Progent makes available an assortment of support services for protecting Dayton businesses from ransomware attacks. Among these are user education to become familiar with and avoid phishing exploits, ProSight Active Security Monitoring (ASM) for remote monitoring and management, along with setup and configuration of the latest generation security gateways with machine learning capabilities to quickly detect and suppress zero-day cyber threats.

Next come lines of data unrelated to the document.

(* Let $W\in C(\overline\Omega)$, let $\Upsilon$ be a compact jet tube, and let $\mathcal Q\subset\overline\Omega\times\mathbb S_{++}(n)$. Then, for every $\epsilon>0$, \[ \mathfrak C^-_{\mathcal Q}(W)\le\omega_F\big(\mathfrak r^-_{\mathcal Q}(W)\big)+\epsilon,\qquad \mathfrak C^+_{\mathcal Q}(W)\le\omega_F\big(\mathfrak r^+_{\mathcal Q}(W)\big)+\epsilon, \] where the coverage radii $\mathfrak r^\pm_{\mathcal Q}(W)$ are defined with this $\epsilon$.
   Context: Let $\Omega\subset\mathbb{R}^n$ be bounded open, $U\subset\mathbb{R}^m$ compact, $\beta\ge0$, and $f,\Sigma,\ell$ continuous on $\overline\Omega\times U$ (values in $\mathbb{R}^n$, $\mathbb{R}^{n\times n}$, $\mathbb{R}$); $a=\Sigma\Sigma^\top$; $F(x,r,p,A)=\beta r-\inf_{c\in U}\{\ell(x,c)+p^\top f(x,c)+\tfrac12\operatorname{tr}(a(x,c)A)\}$, a continuous function. $\mathbb S(n)$, $\mathbb S_{++}(n)$: symmetric and positive definite symmetric matrices. Jet tube: $\Upsilon\subset\overline\Omega\times\mathbb{R}\times\mathbb{R}^n\times\mathbb S(n)$ compact. For $Y=(\zeta,r,p,A)$, $\hat Y=(\hat\zeta,\hat r,\hat p,\hat A)$ let $d(Y,\hat Y)=|\zeta-\hat\zeta|+|r-\hat r|+\|p-\hat p\|+\|A-\hat A\|_F$. Let $\omega_F$ be a nondecreasing right-continuous modulus with $|F(Y)-F(\hat Y)|\le\omega_F(d(Y,\hat Y))$ for all $Y,\hat Y\in\Upsilon$, and $\omega_F(+\infty)=+\infty$. Jets: for $\zeta\in\Omega$, $J^{2,-}W(\zeta)$ (resp. $J^{2,+}W(\zeta)$) is the set of $(p,A)\in\mathbb{R}^n\times\mathbb S(n)$ with $W(y)\ge$ (resp. $\le$) $W(\zeta)+p\cdot(y-\zeta)+\tfrac12(y-\zeta)^\top A(y-\zeta)+o(\|y-\zeta\|^2)$ as $y\to\zeta$. Full families: $\mathfrak J^\mp(W)=\{(\zeta,W(\zeta),p,A):\zeta\in\Omega,(p,A)\in J^{2,\mp}W(\zeta)\}$, keeping only data lying in $\Upsilon$. Envelope families: for $(x,M)\in\mathcal Q$ fix a selection $\zeta_x\in\arg\min_{\zeta\in\overline\Omega}\{W(\zeta)+\tfrac12(x-\zeta)^\top M(x-\zeta)\}$ and $\zeta^\star_x\in\arg\max_{\zeta\in\overline\Omega}\{W(\zeta)-\tfrac12(x-\zeta)^\top M(x-\zeta)\}$; $\mathfrak S^-_{\mathcal Q}(W)=\{(\zeta_x,W(\zeta_x),M(x-\zeta_x),-M):(x,M)\in\mathcal Q,\zeta_x\in\Omega\}$ and $\mathfrak S^+_{\mathcal Q}(W)=\{(\zeta^\star_x,W(\zeta^\star_x),-M(x-\zeta^\star_x),M):(x,M)\in\mathcal Q,\zeta^\star_x\in\Omega\}$, again keeping only data lying in $\Upsilon$. Residuals (with $\sup\emptyset=0$): $\mathfrak R^-_{\rm CL}(W)=\sup_{Y\in\mathfrak J^-(W)}\max\{-F(Y),0\}$, $\mathfrak R^+_{\rm CL}(W)=\sup_{Y\in\mathfrak J^+(W)}\max\{F(Y),0\}$, and $\mathfrak R^\mp_{\mathcal Q}(W)$ the same suprema over $\mathfrak S^\mp_{\mathcal Q}(W)$. Completion errors: $\mathfrak C^\pm_{\mathcal Q}(W)=\mathfrak R^\pm_{\rm CL}(W)-\mathfrak R^\pm_{\mathcal Q}(W)$. Active sets for $\epsilon>0$: $\mathfrak A^-(W)=\{Y\in\mathfrak J^-(W):\max\{-F(Y),0\}\ge\mathfrak R^-_{\rm CL}(W)-\epsilon\}$, $\mathfrak A^+(W)=\{Y\in\mathfrak J^+(W):\max\{F(Y),0\}\ge\mathfrak R^+_{\rm CL}(W)-\epsilon\}$. Coverage radii: $\mathfrak r^\pm_{\mathcal Q}(W)=\sup_{Y\in\mathfrak A^\pm(W)}\inf_{\hat Y\in\mathfrak S^\pm_{\mathcal Q}(W)}d(Y,\hat Y)$, with $\sup\emptyset=0$ and $\inf\emptyset=+\infty$. *)

From HB Require Import structures.
From mathcomp Require Import all_boot all_order all_algebra.
From mathcomp Require Import all_classical all_reals all_analysis.
Set Implicit Arguments. Unset Strict Implicit. Unset Printing Implicit Defensive.
Import Order.TTheory GRing.Theory Num.Theory.
Import numFieldNormedType.Exports.
Local Open Scope classical_set_scope.
Local Open Scope ring_scope.

Section Defs.
Variable R : realType.
Variables n m : nat.

Definition dotv (u v : 'rV[R]_n) : R := \sum_(i < n) u ord0 i * v ord0 i.
Definition enorm (v : 'rV[R]_n) : R := Num.sqrt (dotv v v).
Definition frob (A : 'M[R]_n) : R := Num.sqrt (\sum_(i < n) \sum_(j < n) A i j ^+ 2).
Definition qform (A : 'M[R]_n) (v : 'rV[R]_n) : R := (v *m A *m v^T) ord0 ord0.

Definition symm_mx (A : 'M[R]_n) : Prop := A^T = A.
Definition posdef (A : 'M[R]_n) : Prop :=
  symm_mx A /\ forall v : 'rV[R]_n, v != 0 -> 0 < qform A v.

(* jet data Y = (zeta, r, p, A), stored as nested pairs (((zeta, r), p), A) *)
Definition jet := ('rV[R]_n * R * 'rV[R]_n * 'M[R]_n)%type.
Definition jz (Y : jet) : 'rV[R]_n := Y.1.1.1.
Definition jr (Y : jet) : R := Y.1.1.2.
Definition jp (Y : jet) : 'rV[R]_n := Y.1.2.
Definition jA (Y : jet) : 'M[R]_n := Y.2.
Definition mkjet (z : 'rV[R]_n) (r : R) (p : 'rV[R]_n) (A : 'M[R]_n) : jet :=
  (z, r, p, A).

Definition jdist (Y Yh : jet) : R :=
  enorm (jz Y - jz Yh) + `|jr Y - jr Yh| + enorm (jp Y - jp Yh) + frob (jA Y - jA Yh).

Definition Ham (beta : R) (f : 'rV[R]_n -> 'rV[R]_m -> 'rV[R]_n)
  (Sig : 'rV[R]_n -> 'rV[R]_m -> 'M[R]_n) (l : 'rV[R]_n -> 'rV[R]_m -> R)
  (U : set 'rV[R]_m) (Y : jet) : R :=
  beta * jr Y -
  inf [set l (jz Y) c + dotv (jp Y) (f (jz Y) c)
           + 2^-1 * \tr ((Sig (jz Y) c *m (Sig (jz Y) c)^T) *m jA Y) | c in U].

Definition subjet (W : 'rV[R]_n -> R) (z p : 'rV[R]_n) (A : 'M[R]_n) : Prop :=
  symm_mx A /\
  forall e : R, 0 < e -> exists2 d : R, 0 < d & forall y : 'rV[R]_n,
    enorm (y - z) < d ->
    W z + dotv p (y - z) + 2^-1 * qform A (y - z) - e * enorm (y - z) ^+ 2 <= W y.
Definition superjet (W : 'rV[R]_n -> R) (z p : 'rV[R]_n) (A : 'M[R]_n) : Prop :=
  symm_mx A /\
  forall e : R, 0 < e -> exists2 d : R, 0 < d & forall y : 'rV[R]_n,
    enorm (y - z) < d ->
    W y <= W z + dotv p (y - z) + 2^-1 * qform A (y - z) + e * enorm (y - z) ^+ 2.

Definition Jminus (Om : set 'rV[R]_n) (Ups : set jet) (W : 'rV[R]_n -> R) : set jet :=
  [set Y | Ups Y /\ exists z p A, [/\ Om z, subjet W z p A & Y = mkjet z (W z) p A]].
Definition Jplus (Om : set 'rV[R]_n) (Ups : set jet) (W : 'rV[R]_n -> R) : set jet :=
  [set Y | Ups Y /\ exists z p A, [/\ Om z, superjet W z p A & Y = mkjet z (W z) p A]].

Definition Mapp (M : 'M[R]_n) (v : 'rV[R]_n) : 'rV[R]_n := (M *m v^T)^T.

(* envelope families, built from fixed selections zsel (argmin) and zsel' (argmax) *)
Definition Sminus (Om : set 'rV[R]_n) (Ups : set jet) (W : 'rV[R]_n -> R)
  (Q : set ('rV[R]_n * 'M[R]_n)) (zsel : 'rV[R]_n -> 'M[R]_n -> 'rV[R]_n) : set jet :=
  [set Y | Ups Y /\ exists x M, [/\ Q (x, M), Om (zsel x M) &
       Y = mkjet (zsel x M) (W (zsel x M)) (Mapp M (x - zsel x M)) (- M)]].
Definition Splus (Om : set 'rV[R]_n) (Ups : set jet) (W : 'rV[R]_n -> R)
  (Q : set ('rV[R]_n * 'M[R]_n)) (zsel' : 'rV[R]_n -> 'M[R]_n -> 'rV[R]_n) : set jet :=
  [set Y | Ups Y /\ exists x M, [/\ Q (x, M), Om (zsel' x M) &
       Y = mkjet (zsel' x M) (W (zsel' x M)) (- Mapp M (x - zsel' x M)) M]].

Local Open Scope ereal_scope.

(* sup over a family of nonnegative values with the convention sup(empty) = 0 *)
Definition sup0 (S : set (\bar R)) : \bar R := ereal_sup ([set 0] `|` S).

Definition resid_minus (Fh : jet -> R) (Fam : set jet) : \bar R :=
  sup0 [set (Num.max (- Fh Y) 0)%R%:E | Y in Fam].
Definition resid_plus (Fh : jet -> R) (Fam : set jet) : \bar R :=
  sup0 [set (Num.max (Fh Y) 0)%R%:E | Y in Fam].

Definition active_minus (Fh : jet -> R) (Fam : set jet) (eps : R) : set jet :=
  [set Y | Fam Y /\ resid_minus Fh Fam - eps%:E <= (Num.max (- Fh Y) 0)%R%:E].
Definition active_plus (Fh : jet -> R) (Fam : set jet) (eps : R) : set jet :=
  [set Y | Fam Y /\ resid_plus Fh Fam - eps%:E <= (Num.max (Fh Y) 0)%R%:E].

(* coverage radius: sup_{Y in Act} inf_{Yh in Env} d(Y,Yh), sup empty = 0, inf empty = +oo *)
Definition coverage (Act Env : set jet) : \bar R :=
  sup0 [set ereal_inf [set (jdist Y Yh)%:E | Yh in Env] | Y in Act].

Definition ext_modulus (om : R -> R) (x : \bar R) : \bar R :=
  match x with
  | EFin r => (om r)%:E
  | +oo => +oo
  | -oo => -oo
  end.

End Defs.

From Pilot Require Import Defs.
From HB Require Import structures.
From mathcomp Require Import all_boot all_order all_algebra.
From mathcomp Require Import all_classical all_reals all_analysis.
From mathcomp Require Import lra.
Import Order.TTheory GRing.Theory Num.Theory.
Import numFieldNormedType.Exports.
Set Implicit Arguments. Unset Strict Implicit. Unset Printing Implicit Defensive.
Local Open Scope classical_set_scope.
Local Open Scope ring_scope.

(* Fix an active classical jet Y, whose residual is within eps of the classical
   residual.  For every envelope jet Yh, residual(Y) - residual(Yh) <= omega_F(d(Y, Yh)),
   and residual(Yh) is at most the envelope residual; letting Yh run through
   near-minimisers of d(Y, .) and using monotonicity and right-continuity of omega_F
   gives residual(Y) - envelope residual <= omega_F(coverage radius).  The classical
   residual is finite because F is bounded on the compact tube: jdist is controlled
   by the product norm, which is bounded there. *)

Section JetNorms.
Variables (R : realType) (n : nat).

Progent also offers the services of veteran ransomware recovery engineers with the skills and commitment to reconstruct a compromised environment as rapidly as possible.
Progent's Crypto-Ransomware Recovery Services
Subsequent to a ransomware attack, even paying the ransom demands in cryptocurrency does not guarantee that criminal gangs will return the keys to unencrypt any of your information. Kaspersky Labs ascertained that 17% of ransomware victims never recovered their information even after having paid the ransom, resulting in more losses. The risk is also expensive. Ryuk ransoms commonly range from fifteen to forty BTC ($120,000 and $400,000). This is well above the average ransomware demands, which ZDNET estimated to be around $13,000 for smaller organizations. The other path is to re-install the vital components of your Information Technology environment. Without access to essential data backups, this requires a broad range of skill sets, professional project management, and the ability to work continuously until the recovery project is finished.
For twenty years, Progent has provided expert IT services for businesses throughout the US and has achieved Microsoft's Partnership certification in the Datacenter and Cloud Productivity competencies. Progent's group of subject matter experts (SMEs) includes consultants who have been awarded advanced certifications in leading technologies such as Microsoft, Cisco, VMware, and major distributions of Linux. Progent's cyber security engineers have garnered internationally-recognized certifications including CISM, CISSP, CRISC, and GIAC. (Refer to Progent's certifications). Progent in addition has experience in financial systems and ERP software solutions. This breadth of experience affords Progent the ability to rapidly understand necessary systems and consolidate the remaining pieces of your computer network system after a ransomware attack and rebuild them into an operational network.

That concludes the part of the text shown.